:: Recorded data

(* The centre Z of G = M_{8n} contains a^2 and b^2, so every element lies in one of
   the cosets Z, Za, Zb, Zab; as G is non-abelian, [G : Z] = 4 and |Z| = 2n.  When
   [G : Z] = 4, a non-central x satisfies Z < C_G(x) < G, hence [C_G(x) : Z] = 2 and
   C_G(x) = Z u Zx: two non-central elements commute iff they lie in the same coset
   of Z.  So the non-commuting graph is the complete 3-partite graph whose parts are
   the three non-central cosets of Z.  In a complete k-partite graph with parts of
   size m, distances are 1 across parts and 2 inside a part, so
   D^Q = (km + m - 4) I + U (I + J) U^T with U the vertex/part incidence matrix and
   U^T U = m I.  Sylvester's identity det(Y - U W) Y^k = Y^N det(Y - W U) reduces the
   characteristic polynomial to that of m (I + J), of spectrum m^(k-1), m (k + 1). *)

From mathcomp Require Import all_boot all_order all_algebra all_fingroup all_solvable.
From mathcomp Require Import zify ring.
Set Implicit Arguments. Unset Strict Implicit. Unset Printing Implicit Defensive.
Import GRing.Theory.

Section DeterminantIdentities.
Local Open Scope ring_scope.

Lemma det_sylvester (R : comPzRingType) N k (U : 'M[R]_(N, k)) (V : 'M[R]_(k, N)) (Y : R) :
  \det (Y%:M - U *m V) * Y ^+ k = Y ^+ N * \det (Y%:M - V *m U).
Proof.
pose M := block_mx (Y%:M : 'M_N) U V (1%:M : 'M_k).
have lowerM : M = block_mx 1%:M U 0 1%:M *m block_mx (Y%:M - U *m V) 0 V 1%:M.
  by rewrite mulmx_block !mul1mx !mul0mx !mulmx1 !add0r subrK.
have upperM : block_mx 1%:M 0 (- V) Y%:M *m M = block_mx Y%:M U 0 (Y%:M - V *m U).
  rewrite mulmx_block !mul1mx !mul0mx !addr0 mulNmx mul_mx_scalar mul_scalar_mx addNr.
  by rewrite mulmx1 addrC mulNmx.
have := congr1 determinant upperM.
rewrite det_mulmx det_lblock det_ublock det1 mul1r !det_scalar lowerM det_mulmx.
by rewrite det_ublock det_lblock !det1 !mul1r mulr1 mulrC.
Qed.

Lemma det_scalar_sub_const (R : comPzRingType) k (Y c : R) :
  \det (Y%:M - const_mx c : 'M_k) * Y = Y ^+ k * (Y - c *+ k).
Proof.
have -> : const_mx c = const_mx 1 *m (const_mx c : 'M_(1, k)) :> 'M_k.
  by apply/matrixP => i j; rewrite !mxE big_ord1 !mxE mul1r.
rewrite -[Y in _ * Y]expr1 det_sylvester det_mx11 !mxE.
rewrite (eq_bigr (fun _ => c)) ?sumr_const ?card_ord // => j _.
by rewrite !mxE mulr1.
Qed.

End DeterminantIdentities.

(** * Distance signless Laplacian of complete multipartite graphs *)

Section Distance.
Variables (T : finType) (V : {set T}) (e : rel T).
Local Open Scope ring_scope.

Lemma walkb1 u v : walkb V e 1%N u v = e u v && (v \in V).
Proof.
apply/existsP/andP => [[w /and3P[wV euw /eqP <-]] // | [euv vV]].
by exists v; rewrite vV euv eqxx.
Qed.

Lemma gdist_eq u v k :
  (k < #|V|)%N -> walkb V e k u v -> (forall j, (j < k)%N -> ~~ walkb V e j u v) ->
  gdist V e u v = k.
Proof.
move=> ltkV walk_k walk_lt.
have no_early : ~~ has (fun j => walkb V e j u v) (iota 0 k).
  by apply/hasPn => j; rewrite mem_iota => /andP[_ /walk_lt].
rewrite /gdist -(subnKC (ltnW ltkV)) iotaD find_cat (negbTE no_early) size_iota.
by rewrite -subnSK //= walk_k addn0.
Qed.

Lemma sum_enum_val_mem (A : {set T}) : A \subset V ->
  \sum_(i < #|V|) ((enum_val i \in A)%:R : int) = #|A|%:R.
Proof.
move=> sAV; rewrite -(big_enum_val (fun x => ((x \in A)%:R : int))) (big_setID A) /=.
rewrite (setIidPr sAV) [X in _ + X]big1 => [|x /setDP[_ /negbTE ->] //].
by rewrite addr0 (eq_bigr (fun=> 1)) => [|x ->]; rewrite ?sumr_const.
Qed.

End Distance.

Section CompleteMultipartite.
Variables (T : finType) (V : {set T}) (P : {set {set T}}) (e : rel T) (m : nat).
Hypotheses (partP : partition P V) (P_gt1 : (1 < #|P|)%N)
  (sizeP : {in P, forall B : {set T}, #|B| = m})
  (eP : {in V &, forall x y, e x y = (pblock P x != pblock P y)}).
Local Open Scope ring_scope.

Let trivP : trivIset P := partition_trivIset partP.
Let coverP : cover P = V := cover_partition partP.

Lemma card_complete_multipartite : #|V| = (#|P| * m)%N.
Proof. exact: card_uniform_partition. Qed.

Lemma pblock_memV x : x \in V -> pblock P x \in P.
Proof. by rewrite -coverP; apply: pblock_mem. Qed.

Lemma sum_pblock (F : {set T} -> int) x : x \in V ->
  \sum_(c < #|P|) (x \in enum_val c)%:R * F (enum_val c) = F (pblock P x).
Proof.
move=> xV; rewrite -(big_enum_val (fun B : {set T} => (x \in B)%:R * F B)) /=.
rewrite (bigD1 (pblock P x)) ?pblock_memV //= mem_pblock coverP xV mul1r.
rewrite big1 ?addr0 // => B /andP[PB neB].
have /negbTE -> : x \notin B by apply: contra neB => xB; rewrite (def_pblock trivP PB xB).
by rewrite mul0r.
Qed.

Lemma exists_other_block x : x \in V -> exists2 w, w \in V & pblock P w != pblock P x.
Proof.
move=> xV.
have [B] : exists B, B \in P :\ pblock P x.
  by apply/set0Pn; rewrite -card_gt0; move: P_gt1; rewrite (cardsD1 (pblock P x)) pblock_memV.
rewrite !inE => /andP[neB PB].
have [w wB] := set0Pn _ (partition_neq0 partP PB).
by exists w; [apply: subsetP wB; apply: partitionS partP PB | rewrite (def_pblock trivP PB wB)].
Qed.

Lemma gdist_complete_multipartite x y : x \in V -> y \in V ->
  gdist V e x y = if x == y then 0%N else if pblock P x == pblock P y then 2%N else 1%N.
Proof.
move=> xV yV.
have m_gt0 : (0 < m)%N.
  by rewrite -(sizeP (pblock_memV xV)) card_gt0; apply/set0Pn; exists x; rewrite mem_pblock coverP.
have V_gt1 : (1 < #|V|)%N by rewrite card_complete_multipartite; nia.
have [<- | nxy] := eqVneq x y; first by apply: gdist_eq => //=; rewrite ?eqxx //; lia.
have [same | diff] := eqVneq (pblock P x) (pblock P y); last first.
  by apply: gdist_eq => [//| |[|//] _ //=]; rewrite walkb1 yV andbT eP.
apply: gdist_eq.
- have : [set x; y] \subset pblock P x.
    by apply/subsetP => z /set2P[]->; last rewrite same; rewrite mem_pblock coverP.
  move/subset_leq_card; rewrite cards2 nxy sizeP ?pblock_memV // => m_gt1.
  by rewrite card_complete_multipartite; nia.
- have [w wV nwx] := exists_other_block xV.
  apply/existsP; exists w; rewrite wV eP // eq_sym nwx /=.
  by apply/existsP; exists y; rewrite yV eP // -same nwx eqxx.
- move=> [|[|//]] _; first exact: nxy.
  by rewrite walkb1 eP // same eqxx.
Qed.

Definition incidence_mx : 'M[int]_(#|V|, #|P|) :=
  \matrix_(i < #|V|, c < #|P|) (enum_val i \in enum_val c)%:R.

Lemma incidence_mx_const p : incidence_mx *m const_mx 1 = const_mx 1 :> 'M_(#|V|, p).
Proof.
apply/matrixP => i j; rewrite !mxE -[RHS](sum_pblock (fun=> 1) (enum_valP i)).
by apply: eq_bigr => c _; rewrite !mxE.
Qed.

Lemma incidence_mx_mul_tr : incidence_mx *m incidence_mx^T =
  \matrix_(i, j) (pblock P (enum_val i) == pblock P (enum_val j))%:R.
Proof.
apply/matrixP => i j; rewrite !mxE eq_pblock ?coverP ?enum_valP //.
rewrite -(sum_pblock (fun B => (enum_val j \in B)%:R) (enum_valP i)).
by apply: eq_bigr => c _; rewrite !mxE.
Qed.

Lemma tr_incidence_mx_mul : incidence_mx^T *m incidence_mx = m%:R%:M.
Proof.
apply/matrixP => c d; rewrite !mxE.
have PBc : enum_val c \in P := enum_valP c.
rewrite (eq_bigr (fun i => (enum_val i \in enum_val c :&: enum_val d)%:R)); last first.
  by move=> i _; rewrite !mxE inE -natrM mulnb.
rewrite sum_enum_val_mem; last by rewrite subIset // (partitionS partP PBc).
have [<- | neq_cd] := eqVneq c d; first by rewrite setIid sizeP.
have /trivIsetP/(_ _ _ PBc (enum_valP d)) : trivIset P by [].
rewrite (inj_eq enum_val_inj) neq_cd => /(_ isT)/disjoint_setI0 ->.
by rewrite cards0.
Qed.

Lemma dist_mx_complete_multipartite i j : dist_mx V e i j =
  1 + (pblock P (enum_val i) == pblock P (enum_val j))%:R - 2 * (i == j)%:R.
Proof.
rewrite mxE gdist_complete_multipartite ?enum_valP // (inj_eq enum_val_inj).
by have [-> | _] := eqVneq i j; [rewrite eqxx | case: eqP].
Qed.

Lemma trans_mx_complete_multipartite : trans_mx V e = ((#|V| + m)%:R - 2)%:M.
Proof.
rewrite /trans_mx -diag_const_mx; congr diag_mx; apply/matrixP => k j; rewrite !mxE.
have xjV : enum_val j \in V := enum_valP j.
under eq_bigr => i _ do
  rewrite dist_mx_complete_multipartite (eq_sym (pblock P _)) eq_pblock ?coverP //.
rewrite sumrB -mulr_sumr [X in 2 * X](bigD1 j) //= eqxx.
rewrite [X in 2 * (_ + X)]big1 => [|i /negbTE -> //].
rewrite big_split /= sumr_const card_ord sum_enum_val_mem; last first.
  exact: partitionS partP (pblock_memV xjV).
by rewrite (sizeP (pblock_memV xjV)) natrD; ring.
Qed.

Lemma dsl_mx_complete_multipartite : dsl_mx V e =
  ((#|V| + m)%:R - 4)%:M + incidence_mx *m (1%:M + const_mx 1) *m incidence_mx^T.
Proof.
rewrite /dsl_mx trans_mx_complete_multipartite.
rewrite mulmxDr mulmx1 mulmxDl incidence_mx_mul_tr incidence_mx_const.
rewrite -[const_mx 1 *m _]trmxK trmx_mul trmxK trmx_const incidence_mx_const trmx_const.
apply/matrixP => i j; rewrite [LHS]mxE dist_mx_complete_multipartite !mxE.
by case: (i == j); rewrite /= ?mulr1n ?mulr0n; ring.
Qed.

::::

** Task objective **
Which lines in the entries above contain "existsP"? Pull each of them out.

** Answer box **
apply/existsP/andP => [[w /and3P[wV euw /eqP <-]] // | [euv vV]].
  apply/existsP; exists w; rewrite wV eP // eq_sym nwx /=.
  by apply/existsP; exists y; rewrite yV eP // -same nwx eqxx.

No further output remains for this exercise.